_EXERCISE OBJECTIVE_
With the line that contains "forall x y z" as the final line, return every line from the start of the data below exactly.

**** DATASET ENTRIES ****

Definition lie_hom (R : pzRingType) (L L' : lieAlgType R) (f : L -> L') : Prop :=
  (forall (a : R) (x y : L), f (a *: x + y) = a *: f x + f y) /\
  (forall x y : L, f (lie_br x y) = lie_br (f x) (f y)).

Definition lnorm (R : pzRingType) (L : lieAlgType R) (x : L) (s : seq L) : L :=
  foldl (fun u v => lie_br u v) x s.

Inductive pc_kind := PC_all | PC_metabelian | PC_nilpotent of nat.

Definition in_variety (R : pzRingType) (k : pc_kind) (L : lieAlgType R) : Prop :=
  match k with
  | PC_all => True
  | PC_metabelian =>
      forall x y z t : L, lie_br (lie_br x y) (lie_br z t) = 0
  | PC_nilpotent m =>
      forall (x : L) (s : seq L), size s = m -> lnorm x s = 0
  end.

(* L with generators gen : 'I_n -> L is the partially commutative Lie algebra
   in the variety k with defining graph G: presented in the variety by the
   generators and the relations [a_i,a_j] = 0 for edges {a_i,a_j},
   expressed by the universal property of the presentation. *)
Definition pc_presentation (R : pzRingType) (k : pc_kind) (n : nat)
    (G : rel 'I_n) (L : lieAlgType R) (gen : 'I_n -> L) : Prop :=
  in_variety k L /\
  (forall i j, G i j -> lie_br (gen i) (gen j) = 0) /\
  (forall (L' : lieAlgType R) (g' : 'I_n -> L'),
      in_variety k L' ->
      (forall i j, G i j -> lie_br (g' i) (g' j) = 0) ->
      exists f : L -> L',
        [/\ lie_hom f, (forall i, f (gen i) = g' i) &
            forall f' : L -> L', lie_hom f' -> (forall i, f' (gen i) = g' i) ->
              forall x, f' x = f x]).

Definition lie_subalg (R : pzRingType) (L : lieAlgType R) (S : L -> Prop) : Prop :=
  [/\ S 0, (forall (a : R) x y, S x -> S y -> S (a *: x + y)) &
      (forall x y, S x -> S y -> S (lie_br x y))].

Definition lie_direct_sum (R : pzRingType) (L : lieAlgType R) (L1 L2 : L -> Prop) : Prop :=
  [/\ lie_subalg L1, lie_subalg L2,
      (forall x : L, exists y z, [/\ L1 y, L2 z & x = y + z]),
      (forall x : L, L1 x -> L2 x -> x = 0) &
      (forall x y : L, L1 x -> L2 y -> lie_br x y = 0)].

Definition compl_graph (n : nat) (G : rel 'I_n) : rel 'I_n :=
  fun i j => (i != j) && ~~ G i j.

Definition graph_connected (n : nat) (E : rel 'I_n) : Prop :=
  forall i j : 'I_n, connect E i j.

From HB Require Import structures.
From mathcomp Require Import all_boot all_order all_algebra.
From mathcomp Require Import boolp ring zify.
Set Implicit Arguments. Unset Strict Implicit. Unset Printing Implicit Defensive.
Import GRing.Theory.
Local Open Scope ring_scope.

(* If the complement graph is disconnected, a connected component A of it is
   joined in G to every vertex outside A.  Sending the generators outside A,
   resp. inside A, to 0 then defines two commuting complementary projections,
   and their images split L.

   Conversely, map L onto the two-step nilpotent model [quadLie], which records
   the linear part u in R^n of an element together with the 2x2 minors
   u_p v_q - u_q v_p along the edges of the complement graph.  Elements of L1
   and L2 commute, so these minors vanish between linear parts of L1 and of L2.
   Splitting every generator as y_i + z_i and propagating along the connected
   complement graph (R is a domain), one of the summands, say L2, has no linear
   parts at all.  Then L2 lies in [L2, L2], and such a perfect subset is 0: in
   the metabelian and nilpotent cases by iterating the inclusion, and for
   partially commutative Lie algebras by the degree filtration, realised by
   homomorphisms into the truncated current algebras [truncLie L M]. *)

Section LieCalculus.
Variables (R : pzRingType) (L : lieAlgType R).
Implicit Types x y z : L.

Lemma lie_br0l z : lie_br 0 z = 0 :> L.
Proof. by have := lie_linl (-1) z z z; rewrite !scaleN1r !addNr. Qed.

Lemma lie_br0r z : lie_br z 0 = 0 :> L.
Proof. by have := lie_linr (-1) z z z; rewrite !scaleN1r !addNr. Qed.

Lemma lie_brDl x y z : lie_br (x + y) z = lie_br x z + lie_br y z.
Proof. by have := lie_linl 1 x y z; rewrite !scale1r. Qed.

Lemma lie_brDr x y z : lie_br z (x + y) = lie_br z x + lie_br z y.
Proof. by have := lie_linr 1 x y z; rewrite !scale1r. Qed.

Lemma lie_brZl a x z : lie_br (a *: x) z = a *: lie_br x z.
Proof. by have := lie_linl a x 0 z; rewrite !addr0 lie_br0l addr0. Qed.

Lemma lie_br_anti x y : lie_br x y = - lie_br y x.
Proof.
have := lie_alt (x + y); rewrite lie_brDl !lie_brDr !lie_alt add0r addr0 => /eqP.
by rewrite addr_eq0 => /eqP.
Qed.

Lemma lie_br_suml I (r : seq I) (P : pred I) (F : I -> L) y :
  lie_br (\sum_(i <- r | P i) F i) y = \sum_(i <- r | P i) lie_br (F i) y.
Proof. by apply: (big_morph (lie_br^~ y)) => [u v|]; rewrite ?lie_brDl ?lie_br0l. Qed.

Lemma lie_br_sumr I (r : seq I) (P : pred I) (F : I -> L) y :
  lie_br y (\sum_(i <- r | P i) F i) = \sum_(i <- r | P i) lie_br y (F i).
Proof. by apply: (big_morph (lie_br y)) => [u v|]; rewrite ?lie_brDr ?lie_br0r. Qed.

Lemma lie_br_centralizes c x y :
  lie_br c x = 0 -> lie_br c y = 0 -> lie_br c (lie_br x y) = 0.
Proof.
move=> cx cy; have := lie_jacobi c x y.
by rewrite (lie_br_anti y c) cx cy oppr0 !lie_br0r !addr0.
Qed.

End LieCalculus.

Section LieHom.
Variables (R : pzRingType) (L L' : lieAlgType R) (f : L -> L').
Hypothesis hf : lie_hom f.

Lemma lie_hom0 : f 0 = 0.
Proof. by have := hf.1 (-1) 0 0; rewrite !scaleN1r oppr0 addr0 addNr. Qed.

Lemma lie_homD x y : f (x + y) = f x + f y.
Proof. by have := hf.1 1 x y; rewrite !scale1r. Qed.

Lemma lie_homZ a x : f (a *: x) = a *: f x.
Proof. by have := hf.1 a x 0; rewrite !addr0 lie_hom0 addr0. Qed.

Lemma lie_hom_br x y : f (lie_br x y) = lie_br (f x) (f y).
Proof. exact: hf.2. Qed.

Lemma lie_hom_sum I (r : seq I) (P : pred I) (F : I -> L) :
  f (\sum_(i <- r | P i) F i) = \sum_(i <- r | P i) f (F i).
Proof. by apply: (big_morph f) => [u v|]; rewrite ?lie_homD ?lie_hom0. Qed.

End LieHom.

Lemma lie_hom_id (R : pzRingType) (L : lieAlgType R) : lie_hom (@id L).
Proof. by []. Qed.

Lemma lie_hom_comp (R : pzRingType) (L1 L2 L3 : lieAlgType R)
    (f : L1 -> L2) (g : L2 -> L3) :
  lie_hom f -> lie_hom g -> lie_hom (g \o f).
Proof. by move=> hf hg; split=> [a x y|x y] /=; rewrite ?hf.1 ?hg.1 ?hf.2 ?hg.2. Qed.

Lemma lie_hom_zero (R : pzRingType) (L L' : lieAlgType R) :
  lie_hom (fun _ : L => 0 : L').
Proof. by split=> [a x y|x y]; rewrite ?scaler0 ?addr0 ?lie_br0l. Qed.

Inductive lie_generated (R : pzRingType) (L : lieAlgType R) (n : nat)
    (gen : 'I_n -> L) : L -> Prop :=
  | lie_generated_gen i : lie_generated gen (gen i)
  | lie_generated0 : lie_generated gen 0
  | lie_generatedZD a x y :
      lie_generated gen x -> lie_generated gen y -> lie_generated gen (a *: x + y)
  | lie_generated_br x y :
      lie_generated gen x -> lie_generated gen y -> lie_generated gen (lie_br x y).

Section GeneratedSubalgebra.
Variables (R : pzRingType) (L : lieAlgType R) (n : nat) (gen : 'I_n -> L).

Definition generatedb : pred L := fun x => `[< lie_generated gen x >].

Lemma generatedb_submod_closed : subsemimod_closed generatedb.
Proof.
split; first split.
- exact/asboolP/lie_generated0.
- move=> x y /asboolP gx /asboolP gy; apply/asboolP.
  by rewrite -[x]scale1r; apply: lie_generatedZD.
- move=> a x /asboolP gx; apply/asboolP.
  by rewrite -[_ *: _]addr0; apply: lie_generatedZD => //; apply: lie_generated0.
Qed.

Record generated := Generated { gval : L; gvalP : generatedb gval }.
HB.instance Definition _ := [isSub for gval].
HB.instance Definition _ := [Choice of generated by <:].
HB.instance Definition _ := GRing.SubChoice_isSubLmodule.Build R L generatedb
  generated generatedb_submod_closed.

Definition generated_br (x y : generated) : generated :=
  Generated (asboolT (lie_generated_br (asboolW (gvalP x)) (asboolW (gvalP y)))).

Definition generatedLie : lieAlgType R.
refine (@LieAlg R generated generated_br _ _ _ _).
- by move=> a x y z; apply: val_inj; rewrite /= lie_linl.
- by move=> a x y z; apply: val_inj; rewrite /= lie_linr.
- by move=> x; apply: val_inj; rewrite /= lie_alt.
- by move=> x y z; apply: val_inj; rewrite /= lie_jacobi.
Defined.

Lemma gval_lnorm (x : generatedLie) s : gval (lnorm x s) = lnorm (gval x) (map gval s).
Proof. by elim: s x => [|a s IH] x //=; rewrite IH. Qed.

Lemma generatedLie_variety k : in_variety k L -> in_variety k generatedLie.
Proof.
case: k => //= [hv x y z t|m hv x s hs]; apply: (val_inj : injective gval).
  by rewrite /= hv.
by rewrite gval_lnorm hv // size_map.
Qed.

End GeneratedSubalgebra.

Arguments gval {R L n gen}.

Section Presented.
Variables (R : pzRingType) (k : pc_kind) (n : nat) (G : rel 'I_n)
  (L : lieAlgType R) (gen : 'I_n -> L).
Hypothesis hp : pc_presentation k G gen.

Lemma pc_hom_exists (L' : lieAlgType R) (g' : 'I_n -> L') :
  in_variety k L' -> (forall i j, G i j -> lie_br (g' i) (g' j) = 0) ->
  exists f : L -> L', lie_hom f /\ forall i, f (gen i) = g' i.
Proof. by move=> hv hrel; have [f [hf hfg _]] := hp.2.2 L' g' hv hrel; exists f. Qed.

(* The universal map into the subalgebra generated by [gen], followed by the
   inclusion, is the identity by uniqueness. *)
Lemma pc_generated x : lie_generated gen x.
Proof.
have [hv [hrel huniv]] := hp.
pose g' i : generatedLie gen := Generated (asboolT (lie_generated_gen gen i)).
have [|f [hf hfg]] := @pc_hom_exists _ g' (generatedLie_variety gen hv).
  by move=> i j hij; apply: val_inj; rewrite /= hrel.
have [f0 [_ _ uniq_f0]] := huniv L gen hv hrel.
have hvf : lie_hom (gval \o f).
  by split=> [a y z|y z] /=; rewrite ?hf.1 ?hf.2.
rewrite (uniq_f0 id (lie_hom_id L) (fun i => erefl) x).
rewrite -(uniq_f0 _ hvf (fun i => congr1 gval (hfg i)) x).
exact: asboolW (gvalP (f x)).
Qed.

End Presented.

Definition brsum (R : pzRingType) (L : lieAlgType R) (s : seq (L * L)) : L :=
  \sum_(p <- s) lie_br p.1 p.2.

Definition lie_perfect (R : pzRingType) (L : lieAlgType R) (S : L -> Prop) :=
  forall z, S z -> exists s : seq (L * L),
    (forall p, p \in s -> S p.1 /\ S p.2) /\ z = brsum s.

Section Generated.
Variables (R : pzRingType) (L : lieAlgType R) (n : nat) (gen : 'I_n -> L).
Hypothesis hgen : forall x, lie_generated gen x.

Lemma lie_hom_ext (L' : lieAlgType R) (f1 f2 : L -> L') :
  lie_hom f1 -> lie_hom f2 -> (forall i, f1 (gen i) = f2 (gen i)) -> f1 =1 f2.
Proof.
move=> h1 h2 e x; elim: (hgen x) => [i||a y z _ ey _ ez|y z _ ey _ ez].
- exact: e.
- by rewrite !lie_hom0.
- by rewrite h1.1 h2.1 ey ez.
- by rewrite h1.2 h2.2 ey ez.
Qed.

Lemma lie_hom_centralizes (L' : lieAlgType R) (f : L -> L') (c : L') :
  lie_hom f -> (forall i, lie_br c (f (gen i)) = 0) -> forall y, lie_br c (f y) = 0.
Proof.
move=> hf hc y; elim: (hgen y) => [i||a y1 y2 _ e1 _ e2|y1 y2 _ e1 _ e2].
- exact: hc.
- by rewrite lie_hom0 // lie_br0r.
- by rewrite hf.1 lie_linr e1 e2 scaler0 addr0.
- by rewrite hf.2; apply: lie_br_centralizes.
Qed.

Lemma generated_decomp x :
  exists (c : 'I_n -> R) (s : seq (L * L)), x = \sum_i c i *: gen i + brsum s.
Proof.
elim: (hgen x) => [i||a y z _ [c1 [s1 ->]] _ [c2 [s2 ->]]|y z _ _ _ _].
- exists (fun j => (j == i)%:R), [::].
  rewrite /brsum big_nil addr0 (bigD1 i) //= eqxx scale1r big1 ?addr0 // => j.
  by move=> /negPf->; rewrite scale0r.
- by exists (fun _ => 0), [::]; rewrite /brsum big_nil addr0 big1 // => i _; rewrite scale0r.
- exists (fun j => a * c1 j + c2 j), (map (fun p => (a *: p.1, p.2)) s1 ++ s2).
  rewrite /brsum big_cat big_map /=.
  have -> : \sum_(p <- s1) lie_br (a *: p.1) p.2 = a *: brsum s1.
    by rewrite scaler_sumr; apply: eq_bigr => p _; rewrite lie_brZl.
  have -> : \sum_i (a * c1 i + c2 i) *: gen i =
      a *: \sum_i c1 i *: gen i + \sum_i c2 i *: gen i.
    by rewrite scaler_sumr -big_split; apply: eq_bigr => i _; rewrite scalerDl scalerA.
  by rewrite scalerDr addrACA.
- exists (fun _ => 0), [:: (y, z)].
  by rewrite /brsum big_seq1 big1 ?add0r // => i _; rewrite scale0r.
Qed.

****

_ANSWER BOX_
Definition lie_hom (R : pzRingType) (L L' : lieAlgType R) (f : L -> L') : Prop :=
  (forall (a : R) (x y : L), f (a *: x + y) = a *: f x + f y) /\
  (forall x y : L, f (lie_br x y) = lie_br (f x) (f y)).

Definition lnorm (R : pzRingType) (L : lieAlgType R) (x : L) (s : seq L) : L :=
  foldl (fun u v => lie_br u v) x s.

Inductive pc_kind := PC_all | PC_metabelian | PC_nilpotent of nat.

Definition in_variety (R : pzRingType) (k : pc_kind) (L : lieAlgType R) : Prop :=
  match k with
  | PC_all => True
  | PC_metabelian =>
      forall x y z t : L, lie_br (lie_br x y) (lie_br z t) = 0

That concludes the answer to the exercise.